Ebène Quartet video

When the Quatuor Ebène was signed to Virgin Classics in early 2008. Alain Lanceron, the label’s President, said: “The Quatuor Ebène is the embodiment of the modern string quartet. The extraordinary way its members craft their sonority, their re-examination of quartet masterpieces, their readiness to engage with music beyond the traditional repertoire, their innovative and creative approach: all these factors have led us to invite them to add their lustre to Virgin Classics’ roster of artists. We welcome them with enthusiasm – the same kind of enthusiasm they bring to everything they do.”

Formed in France in 1999, the Quatuor Ebène took its name from ebony, the precious and exotic wood used in instrument-making. The award-winning ensemble has since achieved an enviable international reputation for refined, dynamic musicianship, minutely responsive teamwork, an adventurous spirit and even a taste for improvisation. The Quartet’s repertoire ranges from Haydn and Mozart, cornerstones of the Classical repertoire, through the 19th and 20th centuries to contemporary composers and jazz.

The Quatuor Ebène’s debut recording on Virgin Classics brings together the string quartets of the three emblematic French composers of the late 19th and early 20tb centuries: Fauré, Debussy and Ravel. The Debussy and Ravel quartets represent a traditional pairing in the catalogue, but they have rarely been coupled with the Fauré, his final work, composed in his late seventies. As it happens, Ravel dedicated his own quartet to Fauré, who was his teacher.

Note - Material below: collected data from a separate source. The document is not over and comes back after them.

Let prob_neg : P [set w | Y w = -1] = (1 - eta)%:E.
Proof.
have [mY Y_pm _ PY1 _] := env.
have mY1 : measurable [set w | Y w = 1].
  by rewrite -[X in measurable X]setTI; exact: (mY measurableT _ (measurable_set1 1)).
have -> : [set w | Y w = -1] = ~` [set w | Y w = 1].
  apply/seteqP; split => w /=; last by case: (Y_pm w).
  by move=> ->; lra.
by rewrite probability_setC // PY1 EFinB.
Qed.

Lemma env_calibrated_posterior_ae (h : R -> R) (K : set R) :
  measurable_fun setT h -> injective h -> (forall x, 0 <= h x <= 1) ->
  calibrated P Y (fun w => h (G w)) -> compact K -> {within K, continuous h} ->
  mu.-negligible [set x | K x /\
    h x != posterior eta m (Num.sqrt v) (- m) (Num.sqrt v) x].
Proof.
have [mY Y_pm _ PY1 _] := env.
move=> mh h_inj h01 cal cK hK; have s0 : Num.sqrt v != 0 by rewrite gt_eqF ?sqrtr_gt0.
apply: (calibrated_posterior_ae mY mG mh h_inj cal s0 s0 Y_pm) => // B mB.
- by rewrite score_law ?mul1r ?PY1 //; left.
- by rewrite score_law ?mulN1r ?prob_neg //; right.
Qed.

End environment_score.

Theorem lemmaS2 (R : realType) (k dns dsp : nat) (hk : (1 <= k)%N)
  (eta : R) (mu_ns : 'cV[R]_dns) (S_ns : 'M[R]_dns)
  (mu : 'I_k -> 'cV[R]_dsp) (S : 'I_k -> 'M[R]_dsp)
  (d : 'I_k -> measure_display) (Omega : forall i : 'I_k, measurableType (d i))
  (P : forall i : 'I_k, probability (Omega i) R)
  (Y : forall i : 'I_k, Omega i -> R)
  (Xns : forall i : 'I_k, Omega i -> 'cV[R]_dns)
  (Xsp : forall i : 'I_k, Omega i -> 'cV[R]_dsp)
  (sigma : R -> R) (w_ns : 'cV[R]_dns) (w_sp : 'cV[R]_dsp) (b : R) :
  spd S_ns -> (forall i, spd (S i)) ->
  (forall i, env_model (P i) (Y i) (Xns i) (Xsp i) eta mu_ns S_ns (mu i) (S i)) ->
  (* sigma : R -> (0,1) invertible (a bijection onto (0,1)), measurable *)
  (forall z, 0 < sigma z < 1) -> injective sigma ->
  (forall p, 0 < p < 1 -> exists z, sigma z = p) ->
  measurable_fun setT sigma ->
  (* f(x; w, b) = sigma(w^T x - b) is calibrated on all k environments *)
  (forall i, calibrated (P i) (Y i)
     (fun om => sigma (dotv w_ns (Xns i om) + dotv w_sp (Xsp i om) - b))) ->
  (w_ns = 0 /\ w_sp = 0) \/
  exists t : R, t != 0 /\
    forall i : 'I_k,
      (dotv w_ns mu_ns + dotv w_sp (mu i)) /
      (qform S_ns w_ns + qform (S i) w_sp) = t.
Proof.
move=> spd_ns spd_S env sig01 sig_inj _ msig cal.
have [[-> ->]|w_neq0] := pselect (w_ns = 0 /\ w_sp = 0); [by left|right].
pose m i := dotv w_ns mu_ns + dotv w_sp (mu i).
pose v i := qform S_ns w_ns + qform (S i) w_sp.
have v_gt0 i : 0 < v i := spd_block_qform_gt0 spd_ns (spd_S i) w_neq0.
pose h x := sigma (x - b).
have mh : measurable_fun setT h by apply: measurableT_comp => //; exact: measurable_funB.
have h_inj : injective h by move=> x y /sig_inj /addIr.
have h01 x : 0 < h x < 1 := sig01 (x - b).
have [K [cK K_neq0 hK]] := lusin_compact_continuous mh.
pose post i := posterior eta (m i) (Num.sqrt (v i)) (- m i) (Num.sqrt (v i)).
pose N := \bigcup_i [set x | K x /\ h x != post i x].
have nN : (@lebesgue_measure R).-negligible N.
  apply: negligible_fin_bigcup => i.
  apply: (env_calibrated_posterior_ae (env i) (v_gt0 i)) => // x.
  by have /andP[? ?] := h01 x; apply/andP; split; exact: ltW.
have h_post i x : K x -> ~ N x -> post i x = h x.
  move=> Kx Nx; apply/eqP; apply: contra_notT Nx => hx.
  by exists i => //; split; rewrite // eq_sym.
have [x1 [x2 [[K1 N1] [K2 N2] x12]]] :=
  two_points_outside_negligible (compact_measurable cK) K_neq0 nN.
pose i0 := Ordinal hk; exists (m i0 / v i0); split => [|i].
  apply: (posterior_slope_neq0 (v_gt0 i0) (h_post i0 x1 K1 N1) (h_post i0 x2 K2 N2)).
  by rewrite (inj_eq h_inj).
exact: (posterior_slope_eq (v_gt0 i) (v_gt0 i0) x12 (h01 x1) (h01 x2)
  (h_post i x1 K1 N1) (h_post i0 x1 K1 N1) (h_post i x2 K2 N2) (h_post i0 x2 K2 N2)).
Qed.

Gramophone Magazine Editor’s Choice December 2008
BBC Radio 3 ‘Building a Library’: 1st Choice, March 2009
BBC Music Magazine Awards 2009: Newcomer of the Year

The reviews, the general critical acclaim, the awards — all of that immediately attracted me to this recording of string quartets by Ravel, Debussy and Fauré. Watching this 16-minute video was the final icing on the cake which made me do what’s now a very rare thing and order a physical CD. It’s coming from Presto Classical, which is where the blurb and the video come from. I’m looking forward to its arrival.